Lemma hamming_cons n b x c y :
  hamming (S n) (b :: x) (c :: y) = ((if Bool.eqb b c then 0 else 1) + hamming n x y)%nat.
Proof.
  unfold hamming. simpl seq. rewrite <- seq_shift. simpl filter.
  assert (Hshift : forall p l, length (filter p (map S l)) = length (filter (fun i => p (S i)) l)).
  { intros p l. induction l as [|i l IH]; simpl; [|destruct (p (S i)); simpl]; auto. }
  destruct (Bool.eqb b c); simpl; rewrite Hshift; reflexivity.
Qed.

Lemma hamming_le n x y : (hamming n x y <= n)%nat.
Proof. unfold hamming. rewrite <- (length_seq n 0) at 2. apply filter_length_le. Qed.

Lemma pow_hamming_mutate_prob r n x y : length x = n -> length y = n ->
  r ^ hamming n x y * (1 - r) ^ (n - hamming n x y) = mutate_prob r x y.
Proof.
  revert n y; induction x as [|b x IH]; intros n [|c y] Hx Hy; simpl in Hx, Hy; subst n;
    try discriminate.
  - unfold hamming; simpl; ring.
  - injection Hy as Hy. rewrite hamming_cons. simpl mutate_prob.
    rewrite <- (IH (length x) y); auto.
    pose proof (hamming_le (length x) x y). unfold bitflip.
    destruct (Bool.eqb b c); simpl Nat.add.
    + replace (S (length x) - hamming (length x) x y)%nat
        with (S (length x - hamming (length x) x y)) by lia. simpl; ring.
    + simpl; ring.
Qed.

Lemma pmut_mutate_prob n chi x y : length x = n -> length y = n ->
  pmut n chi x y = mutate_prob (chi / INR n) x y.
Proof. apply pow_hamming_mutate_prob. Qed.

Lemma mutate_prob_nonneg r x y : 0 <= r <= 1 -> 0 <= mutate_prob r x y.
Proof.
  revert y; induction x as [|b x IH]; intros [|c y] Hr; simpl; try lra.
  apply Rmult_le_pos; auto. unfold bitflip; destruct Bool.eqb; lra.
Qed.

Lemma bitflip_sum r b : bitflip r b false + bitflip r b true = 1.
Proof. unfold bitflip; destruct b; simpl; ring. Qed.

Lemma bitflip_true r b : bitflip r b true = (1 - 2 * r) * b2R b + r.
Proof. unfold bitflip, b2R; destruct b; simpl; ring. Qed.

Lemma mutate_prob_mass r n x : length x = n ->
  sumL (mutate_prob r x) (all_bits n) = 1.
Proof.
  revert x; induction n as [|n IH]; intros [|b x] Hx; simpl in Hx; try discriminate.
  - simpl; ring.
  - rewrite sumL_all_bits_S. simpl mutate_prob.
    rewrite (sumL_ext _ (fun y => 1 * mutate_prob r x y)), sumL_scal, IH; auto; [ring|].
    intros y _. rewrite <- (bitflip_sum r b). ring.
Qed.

________________________________________

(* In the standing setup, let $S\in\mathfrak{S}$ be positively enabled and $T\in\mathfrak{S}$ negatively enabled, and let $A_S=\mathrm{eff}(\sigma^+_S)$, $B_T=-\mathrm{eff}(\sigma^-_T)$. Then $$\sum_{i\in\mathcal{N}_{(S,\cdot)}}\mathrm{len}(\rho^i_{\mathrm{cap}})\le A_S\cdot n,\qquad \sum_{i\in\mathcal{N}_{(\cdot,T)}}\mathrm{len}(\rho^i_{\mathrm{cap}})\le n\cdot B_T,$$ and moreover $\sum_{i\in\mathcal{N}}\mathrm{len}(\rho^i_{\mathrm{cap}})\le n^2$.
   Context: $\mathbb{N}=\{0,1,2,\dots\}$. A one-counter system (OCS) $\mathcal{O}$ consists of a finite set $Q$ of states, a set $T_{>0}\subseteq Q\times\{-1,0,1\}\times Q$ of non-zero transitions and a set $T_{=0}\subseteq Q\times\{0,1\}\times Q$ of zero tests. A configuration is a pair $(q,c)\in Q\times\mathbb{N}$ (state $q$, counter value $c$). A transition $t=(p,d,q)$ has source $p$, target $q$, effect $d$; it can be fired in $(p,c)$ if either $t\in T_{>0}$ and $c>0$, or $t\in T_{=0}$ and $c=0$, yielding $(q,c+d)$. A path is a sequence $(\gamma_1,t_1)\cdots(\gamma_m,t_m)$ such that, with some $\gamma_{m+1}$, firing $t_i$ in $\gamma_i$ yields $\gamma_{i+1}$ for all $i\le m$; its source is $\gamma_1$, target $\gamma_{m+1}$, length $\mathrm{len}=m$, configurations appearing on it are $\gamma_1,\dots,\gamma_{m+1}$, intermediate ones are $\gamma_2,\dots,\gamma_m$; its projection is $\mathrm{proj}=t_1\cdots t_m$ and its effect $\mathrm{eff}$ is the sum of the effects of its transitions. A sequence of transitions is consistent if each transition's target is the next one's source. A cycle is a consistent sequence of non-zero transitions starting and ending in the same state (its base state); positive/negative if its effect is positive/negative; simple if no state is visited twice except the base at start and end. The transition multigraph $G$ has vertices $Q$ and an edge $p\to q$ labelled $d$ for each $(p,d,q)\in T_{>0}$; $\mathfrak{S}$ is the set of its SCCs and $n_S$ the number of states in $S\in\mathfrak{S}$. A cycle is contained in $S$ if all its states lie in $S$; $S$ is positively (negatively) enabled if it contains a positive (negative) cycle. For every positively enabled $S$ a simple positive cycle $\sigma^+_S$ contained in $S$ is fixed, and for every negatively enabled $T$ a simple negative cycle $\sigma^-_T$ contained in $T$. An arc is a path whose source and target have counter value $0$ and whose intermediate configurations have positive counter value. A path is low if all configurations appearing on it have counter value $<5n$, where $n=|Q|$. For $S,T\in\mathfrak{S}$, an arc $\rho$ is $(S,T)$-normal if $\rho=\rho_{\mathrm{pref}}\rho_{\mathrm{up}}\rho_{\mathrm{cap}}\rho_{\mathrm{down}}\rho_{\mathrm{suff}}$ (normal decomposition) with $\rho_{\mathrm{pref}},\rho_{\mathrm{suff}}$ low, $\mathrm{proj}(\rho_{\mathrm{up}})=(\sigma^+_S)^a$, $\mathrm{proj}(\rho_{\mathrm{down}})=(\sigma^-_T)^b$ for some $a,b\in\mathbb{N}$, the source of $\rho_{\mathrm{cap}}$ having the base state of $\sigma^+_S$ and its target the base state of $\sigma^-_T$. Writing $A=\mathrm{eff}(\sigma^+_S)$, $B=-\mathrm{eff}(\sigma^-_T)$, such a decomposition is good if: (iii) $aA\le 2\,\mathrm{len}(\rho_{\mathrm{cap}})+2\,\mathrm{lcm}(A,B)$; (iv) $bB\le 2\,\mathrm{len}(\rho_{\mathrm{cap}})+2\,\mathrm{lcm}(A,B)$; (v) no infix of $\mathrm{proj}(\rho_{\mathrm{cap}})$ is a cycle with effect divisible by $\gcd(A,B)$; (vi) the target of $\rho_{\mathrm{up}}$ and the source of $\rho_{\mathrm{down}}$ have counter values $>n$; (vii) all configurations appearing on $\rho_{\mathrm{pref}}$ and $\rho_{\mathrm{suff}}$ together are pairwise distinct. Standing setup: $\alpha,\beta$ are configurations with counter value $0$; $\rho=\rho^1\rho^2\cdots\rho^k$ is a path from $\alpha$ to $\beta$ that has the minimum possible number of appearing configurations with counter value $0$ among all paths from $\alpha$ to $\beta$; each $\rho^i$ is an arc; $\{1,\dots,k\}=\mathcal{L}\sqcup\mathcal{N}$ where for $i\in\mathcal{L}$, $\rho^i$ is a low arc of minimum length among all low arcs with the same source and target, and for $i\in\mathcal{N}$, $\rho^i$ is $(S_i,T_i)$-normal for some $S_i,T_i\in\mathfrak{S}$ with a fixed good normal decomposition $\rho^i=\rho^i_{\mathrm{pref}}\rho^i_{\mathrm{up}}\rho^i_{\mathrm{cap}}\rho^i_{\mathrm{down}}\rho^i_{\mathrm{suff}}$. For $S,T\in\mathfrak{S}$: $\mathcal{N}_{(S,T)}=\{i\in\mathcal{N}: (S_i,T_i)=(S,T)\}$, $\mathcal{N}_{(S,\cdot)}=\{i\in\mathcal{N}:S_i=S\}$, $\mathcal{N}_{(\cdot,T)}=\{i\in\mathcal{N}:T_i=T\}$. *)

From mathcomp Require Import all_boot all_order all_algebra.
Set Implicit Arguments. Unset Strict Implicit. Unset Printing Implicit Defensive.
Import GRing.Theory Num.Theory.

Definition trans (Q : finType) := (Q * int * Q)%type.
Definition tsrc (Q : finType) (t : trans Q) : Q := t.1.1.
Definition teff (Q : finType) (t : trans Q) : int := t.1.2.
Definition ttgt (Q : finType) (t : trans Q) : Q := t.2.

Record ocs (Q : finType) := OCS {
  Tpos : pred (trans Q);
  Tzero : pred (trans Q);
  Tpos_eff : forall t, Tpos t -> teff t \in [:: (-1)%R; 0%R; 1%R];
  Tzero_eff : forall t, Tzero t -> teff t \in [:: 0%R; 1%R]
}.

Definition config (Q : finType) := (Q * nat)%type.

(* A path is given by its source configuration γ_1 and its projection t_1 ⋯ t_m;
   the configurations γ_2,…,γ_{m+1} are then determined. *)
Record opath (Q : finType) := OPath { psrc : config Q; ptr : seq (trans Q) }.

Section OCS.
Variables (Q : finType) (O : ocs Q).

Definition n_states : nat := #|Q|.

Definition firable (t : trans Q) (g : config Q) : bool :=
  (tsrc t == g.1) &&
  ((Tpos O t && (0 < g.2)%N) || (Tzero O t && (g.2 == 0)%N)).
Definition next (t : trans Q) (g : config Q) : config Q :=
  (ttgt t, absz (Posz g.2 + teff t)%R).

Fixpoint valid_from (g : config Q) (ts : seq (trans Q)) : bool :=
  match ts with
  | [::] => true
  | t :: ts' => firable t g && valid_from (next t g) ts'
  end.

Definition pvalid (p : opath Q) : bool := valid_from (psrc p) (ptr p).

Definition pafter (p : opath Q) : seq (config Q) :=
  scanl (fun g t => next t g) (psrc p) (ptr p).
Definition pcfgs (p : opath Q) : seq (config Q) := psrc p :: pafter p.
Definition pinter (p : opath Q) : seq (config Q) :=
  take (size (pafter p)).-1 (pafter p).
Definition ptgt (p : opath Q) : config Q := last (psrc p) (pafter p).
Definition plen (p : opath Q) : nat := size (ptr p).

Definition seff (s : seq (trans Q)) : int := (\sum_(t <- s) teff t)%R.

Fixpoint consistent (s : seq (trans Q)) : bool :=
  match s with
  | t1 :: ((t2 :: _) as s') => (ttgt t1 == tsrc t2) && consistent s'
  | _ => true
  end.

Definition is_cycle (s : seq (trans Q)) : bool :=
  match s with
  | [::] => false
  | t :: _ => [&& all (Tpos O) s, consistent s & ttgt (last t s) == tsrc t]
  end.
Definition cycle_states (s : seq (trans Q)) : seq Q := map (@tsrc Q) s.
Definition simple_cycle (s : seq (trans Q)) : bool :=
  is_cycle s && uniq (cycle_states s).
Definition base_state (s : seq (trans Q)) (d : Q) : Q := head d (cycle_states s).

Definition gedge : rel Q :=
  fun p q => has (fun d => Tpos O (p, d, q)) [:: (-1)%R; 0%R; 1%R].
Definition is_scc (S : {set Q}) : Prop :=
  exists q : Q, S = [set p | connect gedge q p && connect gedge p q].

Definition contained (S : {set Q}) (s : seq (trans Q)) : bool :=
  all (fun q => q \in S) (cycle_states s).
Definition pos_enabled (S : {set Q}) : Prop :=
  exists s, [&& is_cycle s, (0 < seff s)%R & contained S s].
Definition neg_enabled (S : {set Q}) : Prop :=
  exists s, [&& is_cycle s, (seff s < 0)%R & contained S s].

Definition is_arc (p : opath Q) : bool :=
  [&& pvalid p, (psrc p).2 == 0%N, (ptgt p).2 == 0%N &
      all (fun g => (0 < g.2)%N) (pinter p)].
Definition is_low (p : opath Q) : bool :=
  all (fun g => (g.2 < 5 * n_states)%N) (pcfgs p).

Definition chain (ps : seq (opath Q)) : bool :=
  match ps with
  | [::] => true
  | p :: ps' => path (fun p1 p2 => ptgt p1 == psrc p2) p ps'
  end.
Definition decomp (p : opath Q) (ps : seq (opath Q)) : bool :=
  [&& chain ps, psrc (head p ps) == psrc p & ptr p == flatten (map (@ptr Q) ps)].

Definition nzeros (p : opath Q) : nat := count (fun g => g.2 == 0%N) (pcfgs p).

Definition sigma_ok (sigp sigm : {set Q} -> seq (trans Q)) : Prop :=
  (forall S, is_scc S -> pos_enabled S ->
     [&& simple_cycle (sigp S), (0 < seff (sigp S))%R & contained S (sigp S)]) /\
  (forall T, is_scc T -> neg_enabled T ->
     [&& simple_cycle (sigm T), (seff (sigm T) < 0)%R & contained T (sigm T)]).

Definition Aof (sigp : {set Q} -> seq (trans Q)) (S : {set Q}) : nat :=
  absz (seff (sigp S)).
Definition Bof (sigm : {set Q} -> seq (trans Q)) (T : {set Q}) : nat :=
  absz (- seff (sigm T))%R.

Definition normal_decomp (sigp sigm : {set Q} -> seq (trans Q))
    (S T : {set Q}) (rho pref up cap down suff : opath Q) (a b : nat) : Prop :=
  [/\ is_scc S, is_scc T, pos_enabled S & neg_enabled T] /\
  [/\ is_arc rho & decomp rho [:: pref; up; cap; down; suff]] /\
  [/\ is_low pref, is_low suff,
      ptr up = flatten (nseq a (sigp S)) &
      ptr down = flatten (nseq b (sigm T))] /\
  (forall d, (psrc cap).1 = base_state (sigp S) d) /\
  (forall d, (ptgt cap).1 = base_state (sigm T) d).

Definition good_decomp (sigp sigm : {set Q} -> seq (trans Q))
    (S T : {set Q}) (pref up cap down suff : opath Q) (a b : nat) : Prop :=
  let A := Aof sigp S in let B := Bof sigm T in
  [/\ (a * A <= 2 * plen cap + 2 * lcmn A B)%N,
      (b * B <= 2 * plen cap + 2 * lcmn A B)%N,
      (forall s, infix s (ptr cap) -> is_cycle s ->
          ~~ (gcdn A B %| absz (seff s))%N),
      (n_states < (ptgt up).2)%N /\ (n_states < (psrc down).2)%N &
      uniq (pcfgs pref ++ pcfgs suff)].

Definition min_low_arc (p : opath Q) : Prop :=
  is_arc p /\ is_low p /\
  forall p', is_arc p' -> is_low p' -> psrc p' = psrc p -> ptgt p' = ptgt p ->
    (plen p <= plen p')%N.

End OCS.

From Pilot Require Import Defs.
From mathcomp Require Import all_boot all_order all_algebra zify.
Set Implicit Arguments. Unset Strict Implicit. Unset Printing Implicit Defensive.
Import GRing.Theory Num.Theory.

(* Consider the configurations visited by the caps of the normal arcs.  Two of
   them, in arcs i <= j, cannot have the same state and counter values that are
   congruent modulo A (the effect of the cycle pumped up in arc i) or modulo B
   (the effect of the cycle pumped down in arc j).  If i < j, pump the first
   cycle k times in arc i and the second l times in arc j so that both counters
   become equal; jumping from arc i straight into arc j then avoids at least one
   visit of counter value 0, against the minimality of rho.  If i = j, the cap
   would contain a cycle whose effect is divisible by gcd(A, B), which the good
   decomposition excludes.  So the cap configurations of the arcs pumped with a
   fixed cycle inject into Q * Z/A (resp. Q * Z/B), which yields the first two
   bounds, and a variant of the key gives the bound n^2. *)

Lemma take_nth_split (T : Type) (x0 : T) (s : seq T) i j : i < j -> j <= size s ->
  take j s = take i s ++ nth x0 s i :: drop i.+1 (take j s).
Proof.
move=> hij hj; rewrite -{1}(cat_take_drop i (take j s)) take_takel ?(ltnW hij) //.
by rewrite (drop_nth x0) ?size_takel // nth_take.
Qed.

________________________________________

-- What you should do --
State only how many lines above contain "match".

-- Response area --
4